Since we’ll do stochastic gradient descent, the error formula is a bit simpler. We compute it not for the whole data set but only a single random point at a time. So the error is

$ \displaystyle E(\mathbf{w}) = (y_j – \hat{f}(\mathbf{x}_j))^2$

Then we compute the gradient with respect to the individual entries of $ \mathbf{w}$, using the chain rule and noting that the only term of the linear combination that has a nonzero contribution to the gradient for $ \frac{\partial E}{\partial w_i}$ is the term containing $ w_i$. This is one of the major benefits of using linear combinations: the gradient computation is easy.

$ \displaystyle \frac{\partial E}{\partial w_i} = -2 (y_j – \hat{f}(\mathbf{x}_j)) \frac{\partial \hat{f}}{\partial w_i}(\mathbf{x}_j) = -2 (y_j – \hat{f}(\mathbf{x}_j)) f_i(\mathbf{x}_j)$

Another advantage to being linear is that this formula is agnostic to the content of the underlying basis functions. This will hold so long as the weights don’t show up in the formula for the basis functions. As an exercise: try changing the implementation to use radial basis functions around each data point. (see the note at the end for why this would be problematic in real life)

def gradient(weights: Coefficients, data_point: Tuple[Input, float]) -> Gradient:
    error = single_point_error(weights, data_point)
    dE_dw = [0] * len(weights)

    for i, w in enumerate(weights):
        dE_dw[i] = -2 * error * basis[i](data_point[0])

    return dE_dw

Finally, the gradient descent core with a debugging helper.

import random

def print_debug_info(step, grad_norm, error, progress):
    print(f"{step}, {progress:.4f}, {error:.4f}, {grad_norm:.4f}")


def gradient_descent(
        data: Dataset,
        learning_rate: float,
        tolerance: float,
        training_callback = None,
) -> Hypothesis:
    weights = [random.random() * 2 - 1 for i in range(len(basis))]
    last_error = total_error(weights, data)
    step = 0
    progress = tolerance * 2
    grad_norm = 1.0

    if training_callback:
        training_callback(step, 0.0, last_error, 0.0)

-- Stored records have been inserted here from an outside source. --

(* Let $\phi\colon\mathbb{R}\to\mathbb{R}$ be an increasing homeomorphism with $\phi(0)=0$, let $f\colon\mathbb{R}\to\mathbb{R}$ be continuous and let $h\colon[0,T]\times\mathbb{R}\to\mathbb{R}$ be a Carathéodory function such that there exists $\gamma\in L^1([0,T],\mathbb{R}^+)$ with $h(t,u)\le\gamma(t)$ for a.e. $t\in[0,T]$ and all $u\in\mathbb{R}$. For $\lambda\in\,]0,1]$ consider $$(\phi(u'))'+\lambda f(u)u'+\lambda h(t,u)=0. \qquad (\ast_\lambda)$$ Then there exists a constant $K_0=K_0(\gamma)$ such that every $T$-periodic solution $u$ of $(\ast_\lambda)$ with $\lambda\in\,]0,1]$ satisfies $\max u-\min u\le K_0$ and $\|u'\|_{L^1}\le K_0$. Moreover, for any $\ell_1<\ell_2$ there exists $K_1>0$ such that every $T$-periodic solution $u$ of $(\ast_\lambda)$ with $\lambda\in\,]0,1]$ and $\ell_1\le u(t)\le\ell_2$ for all $t\in[0,T]$ satisfies $\|u'\|_\infty\le K_1$.
   Context: A $T$-periodic solution is a $u\in\mathcal{C}^1([0,T])$ with $u(0)=u(T)$, $u'(0)=u'(T)$, $\phi(u')$ absolutely continuous, satisfying the equation a.e. A Carathéodory function is measurable in $t$, continuous in $u$, and for each $r>0$ bounded in absolute value on $[0,T]\times[-r,r]$ by an $L^1$ function of $t$. $\mathbb{R}^+$ denotes the nonnegative reals. *)

From HB Require Import structures.
From mathcomp Require Import all_boot all_order all_algebra.
From mathcomp Require Import all_classical all_reals all_analysis.
Set Implicit Arguments. Unset Strict Implicit. Unset Printing Implicit Defensive.
Import Order.TTheory GRing.Theory Num.Theory.
Import numFieldNormedType.Exports.
Local Open Scope classical_set_scope.
Local Open Scope ring_scope.

Definition incr_homeo_fix0 (R : realType) (phi : R -> R) : Prop :=
  {homo phi : x y / x < y} /\ continuous phi /\
  (exists psi : R -> R, cancel phi psi /\ cancel psi phi /\ continuous psi) /\
  phi 0 = 0.

Definition abs_cont_on (R : realType) (x y : R) (F : R -> R) : Prop :=
  forall e : R, 0 < e -> exists2 d : R, 0 < d &
    forall (n : nat) (a b : 'I_n -> R),
      (forall i, x <= a i /\ a i <= b i /\ b i <= y) ->
      (forall i j : 'I_n, (i < j)%N -> b i <= a j) ->
      \sum_(i < n) (b i - a i) < d ->
      \sum_(i < n) `|F (b i) - F (a i)| < e.

Definition caratheodory (R : realType) (T : R) (h : R -> R -> R) : Prop :=
  (forall x : R, measurable_fun `[0%R, T]%classic (fun t => h t x)) /\
  (forall t : R, 0 <= t <= T -> continuous (h t)) /\
  (forall r : R, 0 < r -> exists g : R -> R,
      (@lebesgue_measure R).-integrable `[0%R, T]%classic (EFin \o g) /\
      forall t x : R, 0 <= t <= T -> `|x| <= r -> `|h t x| <= g t).

Definition C1_on (R : realType) (T : R) (u du : R -> R) : Prop :=
  {within `[0%R, T]%classic, continuous u} /\
  {within `[0%R, T]%classic, continuous du} /\
  (forall t : R, 0 < t < T -> is_derive t 1 u (du t)) /\
  ((fun s : R => s^-1 * (u s - u 0)) @ 0^'+ --> du 0) /\
  ((fun s : R => s^-1 * (u (T + s) - u T)) @ 0^'- --> du T).

Definition periodic_solution (R : realType) (T : R) (phi f : R -> R)
    (h : R -> R -> R) (lam : R) (u du : R -> R) : Prop :=
  C1_on T u du /\ u 0 = u T /\ du 0 = du T /\
  abs_cont_on 0 T (phi \o du) /\
  {ae @lebesgue_measure R, forall t : R, 0 < t < T ->
     derivable (phi \o du) t 1 /\
     derive1 (phi \o du) t + lam * f (u t) * du t + lam * h t (u t) = 0}.

From HB Require Import structures.
From mathcomp Require Import all_boot all_order all_algebra.
From mathcomp Require Import all_classical all_reals all_analysis.
From mathcomp Require Import ring lra.
Set Implicit Arguments. Unset Strict Implicit. Unset Printing Implicit Defensive.
Import Order.TTheory GRing.Theory Num.Theory.
Import numFieldNormedType.Exports.
Local Open Scope classical_set_scope.
Local Open Scope ring_scope.

(* Let G t = \int_0^t gamma and let F be a primitive of f. Along a solution,
   the energy E t = phi (u' t) + lam F (u t) is absolutely continuous with
   E' = - lam h(t, u) >= - gamma a.e., so E + G is nondecreasing on [0, T].
   As E is T-periodic, this gives E t - E s <= G T for all s, t.  If u' t > 0,
   periodicity of u provides s with u s = u t and u' s <= 0, whence
   phi (u' t) <= E t - E s <= G T; symmetrically phi (u' t) >= - G T.  Hence
   |u'| <= |phi^-1 (G T)| + |phi^-1 (- G T)| =: K, independently of f, h, lam
   and of the bounds l1, l2 on u (nor is the Caratheodory property of h used),
   and K T bounds both the oscillation of u and the L^1 norm of u'.

   The monotonicity of E + G is derived from its a.e. nonnegative derivative
   by covering the exceptional null set with an open set of small measure:
   on the intervals of that cover the increments are controlled by absolute
   continuity, elsewhere by the derivative, and a supremum argument carries the
   lower bound across the whole interval. *)

Section DifferenceQuotients.
Variable R : realType.

Lemma near_dnbhs0_ball (P : R -> Prop) : (\forall h \near 0^', P h) ->
  exists2 e : R, 0 < e & forall h, h != 0 -> `|h| < e -> P h.
Proof.
move=> /nbhs_ballP[e e0 He]; exists e => // h h0 he; apply: He => //.
by rewrite /ball /= sub0r normrN.
Qed.

Lemma near_left0_itv (P : R -> Prop) : (\forall h \near 0^'-, P h) ->
  exists2 e : R, 0 < e & forall h, -e < h < 0 -> P h.
Proof.
move=> /nbhs_ballP[e e0 He]; exists e => // h /andP[h1 h2]; apply: He => //.
by rewrite /ball /= sub0r normrN ltr0_norm // ltrNl.
Qed.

    while abs(progress) > tolerance or grad_norm > tolerance:
        grad = gradient(weights, random.choice(data))
        grad_norm = sum(x**2 for x in grad)
        
        for i in range(len(weights)):
            weights[i] -= learning_rate * grad[i]

        error = total_error(weights, data)
        progress = error - last_error
        last_error = error
        step += 1

        if training_callback:
            training_callback(step, grad_norm, error, progress)

    return basis.linear_combination(weights)

Next create some sample data and run the optimization

def example_quadratic_data(num_points: int):
    def fn(x, y, z):
        return 2 - 4*x*y + z + z**2

    data = []
    for i in range(num_points):
        x, y, z = random.random(), random.random(), random.random()
        data.append(((x, y, z), fn(x, y, z)))

    return data


if __name__ == "__main__":
    data = example_quadratic_data(30)
    gradient_descent(
        data, 
        learning_rate=0.01, 
        tolerance=1e-06, 
        training_callback=print_debug_info
    )

Depending on the randomness, it may take a few thousand steps, but it typically converges to an error of < 1. Here’s the plot of error against gradient descent steps.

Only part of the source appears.